Xxxxxxxx and Xxxxxxxxxx'x obligations under Paragraph 5(d)(v) of
their respective Employment Agreements to use their best efforts to
find other employment and the provision that all basic compensation
otherwise payable under Paragraph 5(d) for the remainder of the
Contract Term shall be reduced to the extent of the compensation
received by Xxxxxxxx or Xxxxxxxxxx, respectively, from their other
employment is hereby waived. Nothing herein, however, shall waive
Xxxxxxxx and Xxxxxxxxxx'x obligations (including their noncompetition
obligations) under Paragraphs 3 and 6 through 12 of their respective
Employment Agreements, and those obligations remain in full force and
effect.

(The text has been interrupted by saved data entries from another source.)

(* (1) The map $I \mapsto \underline{M}(I)$ is a bijection between tropical ideals $I \subset \mathbb{B}[x_1^{\pm1},\dots,x_n^{\pm1}]$ and finitary matroids on $\mathbb{Z}^n$ that are invariant under the action of $\mathbb{Z}^n$ by translation. (2) Consequently, for every $d\ge 1$, the map $I \mapsto \mathcal{H}(\underline{M}(I))$ is a bijection between paving tropical ideals of degree $d+1$ in $\mathbb{B}[x_1^{\pm1},\dots,x_n^{\pm1}]$ and $d$-partitions of $\mathbb{Z}^n$ that are invariant under the action of $\mathbb{Z}^n$.
   Context: The Boolean semiring is $\mathbb{B}=\{\infty,0\}$ with addition $\oplus=\min$ and multiplication $+$. For $f=\bigoplus_{\mathbf u\in\mathbb{Z}^n} c_{\mathbf u}\mathbf x^{\mathbf u}\in\mathbb{B}[x_1^{\pm1},\dots,x_n^{\pm1}]$, $\operatorname{supp}(f)=\{\mathbf u: c_{\mathbf u}\neq\infty\}$. An ideal $I$ is a tropical ideal if for all $f,g\in I$ and $\mathbf u\in\operatorname{supp}(f)\cap\operatorname{supp}(g)$ there is $h\in I$ with $\operatorname{supp}(f)\,\Delta\,\operatorname{supp}(g)\subset\operatorname{supp}(h)\subset(\operatorname{supp}(f)\cup\operatorname{supp}(g))\setminus\{\mathbf u\}$. The underlying matroid $\underline{M}(I)$ is the finitary matroid on $\mathbb{Z}^n$ in which a set is independent iff it contains the support of no polynomial of $I$ (its circuits are the minimal supports of polynomials in $I$). A finitary matroid on a set $E$: nonempty collection of independent sets closed under subsets, satisfying augmentation, with a set independent whenever all its finite subsets are. A tropical ideal is zero-dimensional of degree $r$ iff $\underline{M}(I)$ has finite rank $r$ (equivalent to the Hilbert-polynomial definition). A zero-dimensional tropical ideal $I$ is a paving tropical ideal if $\underline{M}(I)$ is a paving matroid, i.e. all circuits have size $\deg(I)$ or $\deg(I)+1$. A hyperplane of a finite-rank matroid $M$ is a maximal subset of rank $\operatorname{rank}(M)-1$; $\mathcal{H}(M)$ is the set of hyperplanes. A $d$-partition of a set $E$ ($|E|\ge d+1$) is a collection $\mathcal P$ of subsets (blocks) with $|\mathcal P|\ge2$, every block of size $\ge d$, and every $d$-subset of $E$ contained in exactly one block. $\mathbb{Z}^n$ acts on subsets by $\mathbf u+S=\{\mathbf u+\mathbf v:\mathbf v\in S\}$, on collections by $\mathbf u+\mathcal P=\{\mathbf u+S:S\in\mathcal P\}$, and similarly on matroids on $\mathbb{Z}^n$; invariance means fixed by every $\mathbf u\in\mathbb{Z}^n$. *)

From mathcomp Require Import all_boot all_order all_algebra.
From Stdlib Require Import ClassicalEpsilon.
Set Implicit Arguments.
Unset Strict Implicit.
Unset Printing Implicit Defensive.
Import GRing.Theory.
Local Open Scope ring_scope.

Definition Zn (n : nat) := 'rV[int]_n.
Definition zset (n : nat) := Zn n -> Prop.

Definition zsubset n (A B : zset n) := forall x, A x -> B x.
Definition seq_set n (s : seq (Zn n)) : zset n := fun x => x \in s.

Definition translate n (u : Zn n) (S : zset n) : zset n := fun x => S (x - u).

Definition has_card n (A : zset n) (k : nat) :=
  exists s : seq (Zn n), [/\ uniq s, size s = k & forall x, A x <-> x \in s].

Inductive Bsr := Binf | Bzero.
(* addition = min *)
Definition Badd (a b : Bsr) : Bsr :=
  match a, b with Binf, Binf => Binf | _, _ => Bzero end.
(* multiplication = + *)
Definition Bmul (a b : Bsr) : Bsr :=
  match a, b with Bzero, Bzero => Bzero | _, _ => Binf end.

(* Laurent "polynomials": coefficient functions Z^n -> B with finite support *)
Definition Bcoef (n : nat) := Zn n -> Bsr.
Definition supp n (f : Bcoef n) : zset n := fun u => f u <> Binf.
Definition is_laurent n (f : Bcoef n) :=
  exists s : seq (Zn n), forall u, supp f u -> u \in s.
Definition pzero n : Bcoef n := fun _ => Binf.
Definition padd n (f g : Bcoef n) : Bcoef n := fun u => Badd (f u) (g u).
(* (f (.) g)_w = min_{u+v=w} (f_u + g_v); in B this is 0 iff some term is 0 *)
Definition pmul n (f g : Bcoef n) : Bcoef n := fun w =>
  if excluded_middle_informative
       (exists u v, u + v = w /\ Bmul (f u) (g v) = Bzero)
  then Bzero else Binf.

Definition is_ideal n (I : Bcoef n -> Prop) :=
  [/\ forall f, I f -> is_laurent f,
      I (@pzero n),
      forall f g, I f -> I g -> I (padd f g)
    & forall f g, I f -> is_laurent g -> I (pmul g f)].

Definition is_tropical_ideal n (I : Bcoef n -> Prop) :=
  is_ideal I /\
  forall f g u, I f -> I g -> supp f u -> supp g u ->
    exists h, [/\ I h,
      (forall v, (supp f v /\ ~ supp g v) \/ (supp g v /\ ~ supp f v) -> supp h v)
    & (forall v, supp h v -> (supp f v \/ supp g v) /\ v <> u)].

(* A matroid is given by its predicate of independent sets. *)
Definition is_finitary_matroid n (M : zset n -> Prop) :=
  [/\ exists A, M A,
      forall A B, zsubset A B -> M B -> M A,
      forall s t : seq (Zn n), uniq s -> uniq t ->
        M (seq_set s) -> M (seq_set t) -> (size s < size t)%N ->
        exists x, [/\ x \in t, x \notin s & M (seq_set (x :: s))]
    &
      forall A, (forall s, zsubset (seq_set s) A -> M (seq_set s)) -> M A].

Definition zinvariant n (P : zset n -> Prop) :=
  forall (u : Zn n) (A : zset n), P (translate u A) <-> P A.

Definition underM n (I : Bcoef n -> Prop) : zset n -> Prop := fun A =>
  forall f, I f -> (exists u, supp f u) -> ~ zsubset (supp f) A.

Definition rank_of n (M : zset n -> Prop) (A : zset n) (k : nat) :=
  (exists s : seq (Zn n), [/\ uniq s, size s = k, zsubset (seq_set s) A & M (seq_set s)])
  /\ forall s : seq (Zn n), uniq s -> zsubset (seq_set s) A -> M (seq_set s) ->
       (size s <= k)%N.

Definition matroid_rank n (M : zset n -> Prop) (r : nat) :=
  rank_of M (fun _ => True) r.

Definition is_circuit n (M : zset n -> Prop) (C : zset n) :=
  ~ M C /\ forall D, zsubset D C -> ~ M D -> zsubset C D.

Definition zero_dim_tropical n (I : Bcoef n -> Prop) (r : nat) :=
  is_tropical_ideal I /\ matroid_rank (underM I) r.

Definition paving_tropical_ideal n (I : Bcoef n -> Prop) (r : nat) :=
  zero_dim_tropical I r /\
  forall C, is_circuit (underM I) C -> has_card C r \/ has_card C r.+1.

Definition hyperplanes n (M : zset n -> Prop) : zset n -> Prop := fun H =>
  exists r, matroid_rank M r /\
    (rank_of M H r.-1 /\
     forall H', zsubset H H' -> rank_of M H' r.-1 -> zsubset H' H).

Definition d_partition n (d : nat) (P : zset n -> Prop) :=
  [/\ exists s : seq (Zn n), uniq s /\ size s = d.+1,
      exists B1 B2, [/\ P B1, P B2 & B1 <> B2],
      forall B, P B -> exists s : seq (Zn n),
                  [/\ uniq s, size s = d & zsubset (seq_set s) B]
    & forall s : seq (Zn n), uniq s -> size s = d ->
        exists B, [/\ P B, zsubset (seq_set s) B &
                   forall B', P B' -> zsubset (seq_set s) B' -> B' = B]].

To make sure there is no misunderstanding, although Xxxxxxxx
and Xxxxxxxxxx need not use their best efforts to find other
employment, any such employment found must not violate the
noncompetition provisions in Section 3 of their respective Employment
Agreements. Provided, however, that Xxxxxxxx and Xxxxxxxxxx will not
be precluded from approaching Payless on a case by case basis to
request that the noncompetition provisions be modified.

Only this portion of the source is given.